All in all, it was quite uplifting for those of us who sometimes fret about the direction our hobby seems headed.

The Other Greg


----------



## du-bousquetaire (Feb 14, 2011)

Yes we are a long way from the days of Lynn Westcott, John Armstrong, Thornburgh and DP Morgan and the likes. Recently I submited a large article on a narrow gauge pike I do in the winter when its too cold and humid to run outdoors (except when I need to test some loco) And I realised that the editor wants no more than three pages text! Immagine a Thornburgh on building a loco or Gibb Kennedy article on building a wood sided coach in three pages... I sincerly think that part of the problem is the editors are not model railroaders themselves. Its the same all over. Here the problem is compounded by the fact that no store want to stock gauge one, as they pay their adds...


----------



## chama (Jan 2, 2008)

*Ouch!!!*

I know Marc casually and have had the pleasure of running one of my locos on his backyard railroad. As all have said, a huge loss to the hobby.
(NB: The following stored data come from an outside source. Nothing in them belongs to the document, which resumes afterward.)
(* Every function $g$ in the Zygmund class $\Lambda_*$ has locally finite $\Phi_q$-variation for every $q>1/2$.
   Context: The Zygmund class $\Lambda_*$ consists of continuous $g\colon\mathbb{R}\to\mathbb{R}$ for which there is $M>0$ with $|g(x+h)-2g(x)+g(x-h)|\le 2Mh$ for all $x\in\mathbb{R}$, $h>0$. For $q>0$, $\Phi_q\colon[0,\infty)\to[0,\infty)$ is any convex increasing function with $\Phi_q(t)=t/(\log(1/t))^q$ for small $t>0$. A function $v\colon\mathbb{R}\to\mathbb{R}$ has locally finite $\Phi$-variation if for every bounded interval $[a,b]$, $\sup\sum_{j=1}^N\Phi(|v(x_j)-v(x_{j-1})|)<\infty$ over all partitions $a=x_0<\dots<x_N=b$, $N\ge1$. *)

From Stdlib Require Import Reals Lra.
Open Scope R_scope.

Definition zygmund (g : R -> R) : Prop :=
  continuity g /\
  exists M : R, M > 0 /\
    forall x h : R, h > 0 ->
      Rabs (g (x + h) - 2 * g x + g (x - h)) <= 2 * M * h.

Definition is_Phi_q (q : R) (Phi : R -> R) : Prop :=
  (forall t, 0 <= t -> 0 <= Phi t) /\
  (forall s t, 0 <= s -> s <= t -> Phi s <= Phi t) /\
  (forall x y l, 0 <= x -> 0 <= y -> 0 <= l <= 1 ->
     Phi (l * x + (1 - l) * y) <= l * Phi x + (1 - l) * Phi y) /\
  (exists delta, 0 < delta < 1 /\
     forall t, 0 < t < delta -> Phi t = t / Rpower (ln (1 / t)) q).

Definition is_partition (a b : R) (N : nat) (x : nat -> R) : Prop :=
  (1 <= N)%nat /\ x 0%nat = a /\ x N = b /\
  (forall j, (j < N)%nat -> x j < x (S j)).

Definition Phi_var_sum (Phi v : R -> R) (N : nat) (x : nat -> R) : R :=
  sum_f_R0 (fun j => Phi (Rabs (v (x (S j)) - v (x j)))) (N - 1).

Definition loc_finite_Phi_variation (Phi v : R -> R) : Prop :=
  forall a b : R, a < b ->
    exists C : R, forall (N : nat) (x : nat -> R),
      is_partition a b N x -> Phi_var_sum Phi v N x <= C.

From Stdlib Require Import Reals Lra Lia Psatz ZArith List.
Import ListNotations.
Open Scope R_scope.

(* Fix [a < b] and a dyadic grid of [[a, b]] with [2^K] steps.  For the dyadic cell
   [(e, c)] (grid indices [c 2^e .. (c+1) 2^e]) let [s(e, c)] be the slope of [g] over it.
   The Zygmund condition says that the slopes of two adjacent cells differ by at most
   [2M]; consequently
   (1) every increment of [g] between grid points [al < be] is bounded by
       [10 |cell| (|s(e, c)| + 14 M)] for a cell [(e, c)] inside [[al, be]]
       (the "dyadic node" of the increment), and
   (2) [|s(e, c)| <= |s(K, 0)| + M (K - e)].
   Since [q > 1/2], a computation with [Phi(t) = t / log(1/t)^q] turns (1) and (2) into
   [Phi(increment) <= |cell| (C1 + C2 E(K - e + 1, s(e, c)))], where the "heat weight"
   [E(tau, s) = exp (mu s^2 / tau - lam ln tau)] is a supermartingale along the dyadic tree.
   Hence the weight of a cell is superadditive, and the weights of the pairwise disjoint
   nodes of a grid partition sum to at most the weight of the root cell: this bounds the
   [Phi]-variation along grid partitions uniformly in [K].  Finally an arbitrary partition
   is snapped to a fine grid using continuity of [g] and convexity of [Phi]. *)

Lemma exp_le_mono (x y : R) : x <= y -> exp x <= exp y.
Proof.
  intros Hxy; destruct (Req_dec x y) as [->|Hne]; [lra|].
  left; apply exp_increasing; lra.
Qed.

Lemma ln_le_mono (x y : R) : 0 < x -> x <= y -> ln x <= ln y.
Proof.
  intros Hx Hxy; destruct (Req_dec x y) as [->|Hne]; [lra|].
  left; apply ln_increasing; lra.
Qed.

Lemma ln_le_pred (x : R) : 0 < x -> ln x <= x - 1.
Proof. intros Hx; pose proof (exp_ineq1_le (ln x)) as H; rewrite exp_ln in H; lra. Qed.

Lemma Rdiv_nonneg (a b : R) : 0 <= a -> 0 < b -> 0 <= a / b.
Proof. intros Ha Hb; apply Rmult_le_pos; [lra | left; apply Rinv_0_lt_compat; lra]. Qed.

Lemma exp_mul_one_sub_le (z : R) : z < 1 -> exp z * (1 - z) <= 1.
Proof.
  intros Hz; pose proof (exp_ineq1_le (- z)) as H; rewrite exp_Ropp in H.
  pose proof (exp_pos z) as Hp.
  apply (Rmult_le_compat_l (exp z)) in H; [|lra].
  rewrite Rinv_r in H by lra; nra.
Qed.

Lemma cosh_le_exp_sq (z : R) : exp z + exp (- z) <= 2 * exp (2 * (z * z)).
Proof.
  destruct (Rle_or_lt (z * z) (1 / 2)) as [Hsmall | Hlarge].
  - pose proof (exp_mul_one_sub_le z ltac:(nra)) as Hp.
    pose proof (exp_mul_one_sub_le (- z) ltac:(nra)) as Hm.
    pose proof (exp_ineq1_le (2 * (z * z))) as Hsq.
    assert (Hsum : exp z + exp (- z) <= 2 / (1 - z * z)).
    { apply (Rmult_le_reg_r (1 - z * z)); [nra|].
      unfold Rdiv; rewrite Rmult_assoc, Rinv_l by nra.
      assert (0 < 1 + z /\ 0 < 1 - z) as [Hzp Hzm] by nra.
      pose proof (Rmult_le_compat_r (1 + z) _ _ (Rlt_le _ _ Hzp) Hp).
      pose proof (Rmult_le_compat_r (1 - z) _ _ (Rlt_le _ _ Hzm) Hm).
      nra. }
    assert (2 / (1 - z * z) <= 2 * (1 + 2 * (z * z))).
    { apply (Rmult_le_reg_r (1 - z * z)); [nra|].
      unfold Rdiv; rewrite Rmult_assoc, Rinv_l by nra. nra. }
    lra.
  - pose proof (exp_le_mono z (2 * (z * z)) ltac:(nra)).
    pose proof (exp_le_mono (- z) (2 * (z * z)) ltac:(nra)).
    lra.
Qed.

Lemma sq_half_le_exp (z : R) : 0 <= z -> (z / 2) * (z / 2) <= exp z.
Proof.
  intros Hz; replace (exp z) with (exp (z / 2) * exp (z / 2))
    by (rewrite <- exp_plus; f_equal; field).
  pose proof (exp_ineq1_le (z / 2)); apply Rmult_le_compat; lra.
Qed.

Lemma pow2_exp_ln (n : nat) : 2 ^ n = exp (INR n * ln 2).
Proof. rewrite <- ln_pow, exp_ln by (try apply pow_lt; lra); reflexivity. Qed.

Lemma Rpower_ge1 (t q : R) : 1 <= t -> 0 <= q -> 1 <= Rpower t q.
Proof.
  intros Ht Hq; unfold Rpower; rewrite <- exp_0; apply exp_le_mono.
  pose proof (ln_le_mono 1 t ltac:(lra) Ht); rewrite ln_1 in *; nra.
Qed.

Definition heat_weight (mu lam tau s : R) : R := exp (mu * (s * s) / tau - lam * ln tau).

Lemma heat_weight_pos (mu lam tau s : R) : 0 < heat_weight mu lam tau s.
Proof. apply exp_pos. Qed.

Lemma heat_weight_abs (mu lam tau s : R) : heat_weight mu lam tau (Rabs s) = heat_weight mu lam tau s.
Proof. unfold heat_weight; rewrite <- Rabs_mult, Rabs_pos_eq by nra; reflexivity. Qed.

Lemma ln_succ_lower (tau : R) : 1 <= tau -> ln tau + / (tau + 1) <= ln (tau + 1).
Proof.
  intros Ht.
  assert (Hsplit : ln tau = ln (tau + 1) + ln (tau / (tau + 1))).
  { rewrite <- ln_mult by (try apply Rdiv_lt_0_compat; lra). f_equal; field; lra. }
  pose proof (ln_le_pred (tau / (tau + 1)) ltac:(apply Rdiv_lt_0_compat; lra)) as Hl.
  replace (tau / (tau + 1) - 1) with (- / (tau + 1)) in Hl by (field; lra).
  lra.
Qed.

(* The exponent inequality behind [heat_weight_supermean]: the increase of the exponent
   caused by a perturbation [d] of the slope is compensated by one step of time. *)
Lemma heat_exponent_step (mu lam M tau s d : R) :
  0 <= mu -> 8 * mu * (M * M) <= 1 -> mu * (M * M) <= lam -> 1 <= tau -> Rabs d <= M ->
  mu * (s * s + d * d) / (tau + 1) - lam * ln (tau + 1)
    + 2 * ((2 * mu * s * d / (tau + 1)) * (2 * mu * s * d / (tau + 1)))
  <= mu * (s * s) / tau - lam * ln tau.
Proof.
  intros Hmu HM Hlam Ht Hd.
  pose proof (ln_succ_lower tau Ht) as Hln.
  assert (Hdd : d * d <= M * M).
  { rewrite <- (Rabs_pos_eq (d * d)) by nra; rewrite Rabs_mult.
    pose proof (Rabs_pos d); nra. }
  set (r := / tau) in *; set (r' := / (tau + 1)) in *.
  assert (Hr' : 0 < r') by (apply Rinv_0_lt_compat; lra).
  assert (Hrr : r - r' = r * r') by (unfold r, r'; field; lra).
  assert (Hr : 0 < r) by (apply Rinv_0_lt_compat; lra).
  assert (Hr'r : r' <= r) by nra.
  assert (Hlam0 : 0 <= lam) by nra.
  replace (mu * (s * s + d * d) / (tau + 1)) with (mu * (s * s) * r' + mu * (d * d) * r') by (unfold r'; field; lra).
  replace (2 * mu * s * d / (tau + 1)) with (2 * mu * s * d * r') by (unfold r'; field; lra).
  replace (mu * (s * s) / tau) with (mu * (s * s) * r) by (unfold r; field; lra).
  (* The [d^2] term is paid for by the growth of [lam * ln tau] ... *)
  assert (Hd2 : mu * (d * d) * r' <= lam * r') by (apply Rmult_le_compat_r; nra).
  assert (Hln' : lam * r' <= lam * ln (tau + 1) - lam * ln tau) by nra.
  (* ... and the cross term by the decrease of [mu * s^2 / tau]. *)
  assert (Hss : 0 <= mu * (s * s) * r') by (apply Rmult_le_pos; [apply Rmult_le_pos; nra | lra]).
  assert (Hcross : 2 * (2 * mu * s * d * r' * (2 * mu * s * d * r'))
                   <= mu * (s * s) * r - mu * (s * s) * r').
  { replace (2 * (2 * mu * s * d * r' * (2 * mu * s * d * r')))
      with ((mu * (s * s) * r') * ((8 * mu * (d * d)) * r')) by ring.
    replace (mu * (s * s) * r - mu * (s * s) * r') with ((mu * (s * s) * r') * r)
      by (rewrite <- Rmult_minus_distr_l, Hrr; ring).
    assert (8 * mu * (d * d) <= 1) by nra.
    apply Rmult_le_compat_l; [lra|]; nra. }
  lra.
Qed.

Lemma heat_weight_supermean (mu lam M tau s d : R) :
  0 <= mu -> 8 * mu * (M * M) <= 1 -> mu * (M * M) <= lam -> 1 <= tau -> Rabs d <= M ->
  heat_weight mu lam (tau + 1) (s + d) + heat_weight mu lam (tau + 1) (s - d)
  <= 2 * heat_weight mu lam tau s.
Proof.
  intros Hmu HM Hlam Ht Hd; unfold heat_weight.
  set (A := mu * (s * s + d * d) / (tau + 1) - lam * ln (tau + 1)).
  set (z := 2 * mu * s * d / (tau + 1)).
  replace (mu * ((s + d) * (s + d)) / (tau + 1) - lam * ln (tau + 1)) with (A + z) by (unfold A, z; field; lra).
  replace (mu * ((s - d) * (s - d)) / (tau + 1) - lam * ln (tau + 1)) with (A + - z) by (unfold A, z; field; lra).
  rewrite !exp_plus.
  pose proof (cosh_le_exp_sq z); pose proof (exp_pos A).
  pose proof (exp_le_mono _ _ (heat_exponent_step mu lam M tau s d Hmu HM Hlam Ht Hd)) as Hexp.
  fold A z in Hexp; rewrite exp_plus in Hexp.
  nra.
Qed.

Definition grid (f : R -> R) (a u : R) (i : nat) : R := f (a + INR i * u).

Definition dyadic_slope (f : R -> R) (a u : R) (e c : nat) : R :=
  (grid f a u ((c + 1) * 2 ^ e) - grid f a u (c * 2 ^ e)) / (2 ^ e * u).
Lemma le_of_forall_le_sqr1D (x y : \bar R) : 0 <= y ->
  (forall eta : R, (0 < eta)%R -> x <= (1 + eta)%:E * ((1 + eta)%:E * y)) ->
  x <= y.
Proof.
case: y => [r||] // r0 x_le; last by rewrite leey.
case: x x_le => [a||] x_le; last by rewrite leNye.
- rewrite lee_fin in r0; rewrite lee_fin leNgt; apply/negP => ra.
  pose eta := (Num.min 1 ((a - r) / (3 * (r + 1))))%R.
  have eta0 : (0 < eta)%R by rewrite lt_min ltr01 divr_gt0 //; lra.
  have eta1 : (eta <= 1)%R by rewrite ge_min lexx.
  have : (eta * (3 * (r + 1)) <= a - r)%R.
    by rewrite -ler_pdivlMr ?ge_min ?lexx ?orbT //; lra.
  by have := x_le eta eta0; rewrite -!EFinM lee_fin; nra.
- by have := x_le 1%R ltr01; rewrite -!EFinM leNgt ltey.
Qed.

(* What the argument needs from [limsup_0p] and [liminf_0p], so that the upper
   and lower mean dimensions are treated at once. *)
Record limit0p_functional (F : (R -> \bar R) -> \bar R) : Prop := {
  lim0p_ge0 : forall g (d0 : R), (0 < d0)%R ->
    (forall e, (0 < e < d0)%R -> 0 <= g e) -> 0 <= F g;
  lim0p_le : forall g h (d0 : R), (0 < d0)%R ->
    (forall e, (0 < e < d0)%R -> g e <= h e) -> F g <= F h;
  lim0p_pZl : forall g (k : R), (0 < k)%R ->
    F (fun e => k%:E * g e) = k%:E * F g;
  lim0p_dilate : forall g (c : R), (1 <= c)%R -> F (fun e => g (e / c)%R) <= F g }.

Lemma limsup_0p_functional : limit0p_functional limsup_0p.
Proof.
split=> [g d0 d0_gt0 g_ge0|g h d0 d0_gt0 gh|g k k0|g c c1].
- apply: le_ereal_inf_tmp => _ [del del0 <-].
  have [m_le_del m_le_d0] : (Num.min del d0 <= del /\ Num.min del d0 <= d0)%R.
    by rewrite !ge_min !lexx orbT.
  have m_gt0 : (0 < Num.min del d0)%R by rewrite lt_min del0.
  apply: le_trans (ereal_sup_ubound _); last first.
    by exists (Num.min del d0 / 2)%R => //=; apply/andP; split; lra.
  by apply: g_ge0; apply/andP; split; lra.
- apply: le_ereal_inf_tmp => _ [del /= del0 <-].
  pose m := Num.min del d0.
  apply: le_trans (ereal_inf_lbound _) _; first by exists m => //=; rewrite lt_min del0.
  apply: ge_ereal_sup => _ [e /= /andP[e0 +] <-]; rewrite lt_min => /andP[ed ed0].
  apply: le_trans (gh e _) _; first by rewrite e0.
  by apply: ereal_sup_ubound; exists e => //=; rewrite e0.
- by rewrite /limsup_0p ereal_inf_sup_pZl.
- have c0 : (0 < c)%R by apply: lt_le_trans c1.
  apply: le_ereal_inf_tmp => _ [del /= del0 <-].
  apply: le_trans (ereal_inf_lbound _) _; first by exists del.
  apply: ge_ereal_sup => _ [e /= /andP[e0 ed] <-].
  apply: ereal_sup_ubound; exists (e / c)%R => //=.
  rewrite divr_gt0 //= (le_lt_trans _ ed) //.
  by rewrite ler_pdivrMr // ler_peMr // ltW.
Qed.

Lemma liminf_0p_functional : limit0p_functional liminf_0p.
Proof.
split=> [g d0 d0_gt0 g_ge0|g h d0 d0_gt0 gh|g k k0|g c c1].
- apply: le_trans (ereal_sup_ubound _); last by exists d0.
  by apply: le_ereal_inf_tmp => _ [e /= e_in <-]; apply: g_ge0.
- apply: ge_ereal_sup => _ [del /= del0 <-].
  pose m := Num.min del d0.
  apply: le_trans (ereal_sup_ubound _); last by exists m => //=; rewrite lt_min del0.
  apply: le_ereal_inf_tmp => _ [e /= /andP[e0 +] <-]; rewrite lt_min => /andP[ed ed0].
  apply: le_trans _ (gh e _); last by rewrite e0.
  by apply: ereal_inf_lbound; exists e => //=; rewrite e0.
- by rewrite /liminf_0p ereal_sup_inf_pZl.
- have c0 : (0 < c)%R by apply: lt_le_trans c1.
  apply: ge_ereal_sup => _ [del /= del0 <-].
  apply: le_trans (ereal_sup_ubound _); last by exists (del / c)%R => //=; rewrite divr_gt0.
  apply: le_ereal_inf_tmp => _ [e /= /andP[e0 ed] <-].
  have -> : g e = g ((e * c) / c)%R by rewrite mulfK // gt_eqF.
  apply: ereal_inf_lbound; exists (e * c)%R => //=.
  by rewrite mulr_gt0 //= -ltr_pdivlMr.
Qed.

(* [umdim_flow d phi] is [mdim_of limsup_0p (r_flow d phi)] by definition, and
   similarly for the three other mean dimensions. *)
Definition mdim_of (F : (R -> \bar R) -> \bar R) (r : R -> \bar R) : \bar R :=
  F (fun e => r e * ((ln (1 / e))^-1)%:E).

Section MeanDimension.
Variable F : (R -> \bar R) -> \bar R.
Hypothesis hF : limit0p_functional F.

Lemma mdim_of_ge0 (r : R -> \bar R) : (forall e, (0 < e)%R -> 0 <= r e) ->
  0 <= mdim_of F r.
Proof.
move=> r_ge0; apply: (lim0p_ge0 hF ltr01) => e /andP[e0 e1].
by apply: mule_ge0; rewrite ?r_ge0 // lee_fin inv_ln_inv_ge0 // e0 ltW.
Qed.

Lemma le_mdim_of (k : R) (r1 r2 : R -> \bar R) : (0 < k)%R ->
  (forall e, (0 < e)%R -> k%:E * r1 e <= r2 e) -> k%:E * mdim_of F r1 <= mdim_of F r2.
Proof.
move=> k0 r12; rewrite /mdim_of -(lim0p_pZl hF) //.
apply: (lim0p_le hF ltr01) => e /andP[e0 e1]; rewrite muleA.
by apply: lee_wpmul2r; rewrite ?r12 // lee_fin inv_ln_inv_ge0 // e0 ltW.
Qed.
(* A subshift $X\subseteq A^{\mathbb{N}}$ over a finite alphabet $A$ is a sofic shift with a unique periodic point if and only if it is $1$-codable.
   Context: Subshifts are one-sided; a sofic shift is the set of labels of right-infinite paths in a finite edge-labeled graph; a periodic point is a point of the form $u^\omega$, $u$ nonempty. The ANS $\mathcal{U}$ has language $0^*$ with radix order, so $\mathrm{rep}(n)=0^n$; tuples are represented by left-padding with a new symbol $\#$ to equal length; $Y\subseteq\mathbb{N}^d$ is $1$-recognizable if $\mathrm{rep}(Y)$ is regular. For $\mathbf{y}\in\mathbb{N}^{\mathbb{N}}$: $\sum\mathbf{y}=\sum_iy_i$; if $\sum\mathbf{y}=d<\infty$, $\nu(\mathbf{y})$ is the unique nondecreasing $(n_1,\dots,n_d)$ with $y_j=|\{k:n_k=j\}|$ for all $j$. The coding dimension of $Y\subseteq\mathbb{N}^{\mathbb{N}}$ is the least $d$ with $\sum\mathbf{y}\le d$ for all $\mathbf{y}\in Y$, if it exists. $Y\subseteq\mathbb{N}^{\mathbb{N}}$ is weakly $1$-codable if for each $k$ the set $\{\nu(\mathbf{y}):\mathbf{y}\in Y,\sum\mathbf{y}\le k\}$ is $1$-recognizable in each dimension, and $1$-codable if moreover it has finite coding dimension. A set $Y\subseteq A^{\mathbb{N}}$ is (weakly) $1$-codable if there is a bijection $\pi\colon A\to\{0,\dots,|A|-1\}$ (applied letterwise) such that $\pi(Y)$ is (weakly) $1$-codable; $\pi^{-1}(0)$ is the zero symbol. *)

From mathcomp Require Import all_boot.
Set Implicit Arguments. Unset Strict Implicit. Unset Printing Implicit Defensive.

Section Shifts.
Variable A : finType.

Definition shift_invariant (X : (nat -> A) -> Prop) : Prop :=
  forall x, X x -> X (fun n => x n.+1).

(* Closedness in the product (Cantor) topology: a point every prefix of
   which is a prefix of some point of X belongs to X. *)
Definition closed_shift (X : (nat -> A) -> Prop) : Prop :=
  forall x, (forall n, exists y, X y /\ forall i, i < n -> y i = x i) -> X x.

Definition subshift (X : (nat -> A) -> Prop) : Prop :=
  closed_shift X /\ shift_invariant X.

Definition sofic (X : (nat -> A) -> Prop) : Prop :=
  exists (nv ne : nat) (src tgt : 'I_ne -> 'I_nv) (lab : 'I_ne -> A),
    forall x : nat -> A,
      X x <-> exists e : nat -> 'I_ne,
                (forall n, tgt (e n) = src (e n.+1)) /\
                (forall n, x n = lab (e n)).

(* x = u^omega with u nonempty, i.e. x is periodic with some period p > 0. *)
Definition periodic_point (x : nat -> A) : Prop :=
  exists p, 0 < p /\ forall n, x (n + p) = x n.

Definition unique_periodic (X : (nat -> A) -> Prop) : Prop :=
  exists x, [/\ X x, periodic_point x &
                forall y, X y -> periodic_point y -> forall n, y n = x n].
End Shifts.

Definition dfa_accepts (S : finType) (n : nat) (q0 : 'I_n)
  (delta : 'I_n -> S -> 'I_n) (F : pred 'I_n) (w : seq S) : bool :=
  F (foldl delta q0 w).

Definition regular (S : finType) (L : seq S -> Prop) : Prop :=
  exists (n : nat) (q0 : 'I_n) (delta : 'I_n -> S -> 'I_n) (F : pred 'I_n),
    forall w, L w <-> dfa_accepts q0 delta F w.

(** * The unary ANS U: rep(n) = 0^n, tuples left-padded with '#'.
    Letters of the tuple alphabet {0,#}^d are encoded as {ffun 'I_d -> bool}
    with [true] standing for the symbol 0 and [false] for #. *)

Definition maxcomp (d : nat) (v : 'I_d -> nat) : nat := \max_(i < d) v i.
Regrettably, I renewed in 2017 for three years, so at least 2020 before I can let it lapse. Probably longer since I'd think if you bought a subscription which described the number of issues per year, they'd be bound by contract to deliver that many issues no matter how long it took.


----------



## BluePukeko (Jul 9, 2015)

Can't say that I'm happy with the magazine going quarterly.


----------



## ewarhol (Mar 3, 2014)

So renewed my Garden Railways and Model Railroader subscriptions. Shortly after renewing I started receiving emails for time to renew. Kalmbach must be hurting for subscribers if they're hitting me up again after just renewing.


----------



## Lake Valley #1 (Dec 31, 2012)

Well... that, as they say, is that... and nothing lasts forever, but this loss of Marc as editor of GRw will hasten it's demise I fear. Too bad... I looked forward to it's arrival every other month. Maybe we can 'con' Russ Reinberg to 'fire up' Finescale Railroader magazine in some incarnation or other... collaborate with Marc somehow on it? I dunno... those two 'heads' working together would probably come up with a genuine 'whiz-bang' magazine! I'd sure buy it!


----------



## greghile (Jun 10, 2008)

Lake Valley #1 said:


> Maybe we can 'con' Russ Reinberg to 'fire up' Finescale Railroader magazine in some incarnation or other... collaborate with Marc somehow on it? I dunno... those two 'heads' working together would probably come up with a genuine 'whiz-bang' magazine! I'd sure buy it!


I second that motion!


----------



## du-bousquetaire (Feb 14, 2011)

So do I, Russes magasine is missed.


----------



## Cataptrra (Mar 16, 2015)

Deleted by op.


----------



## East Broad Top (Dec 29, 2007)

Cataptrra said:


> I do believe Model railroading is almost an EXTINCT hobby, Millennial's and Generation Z folks, just aren't interested in this hobby of ours.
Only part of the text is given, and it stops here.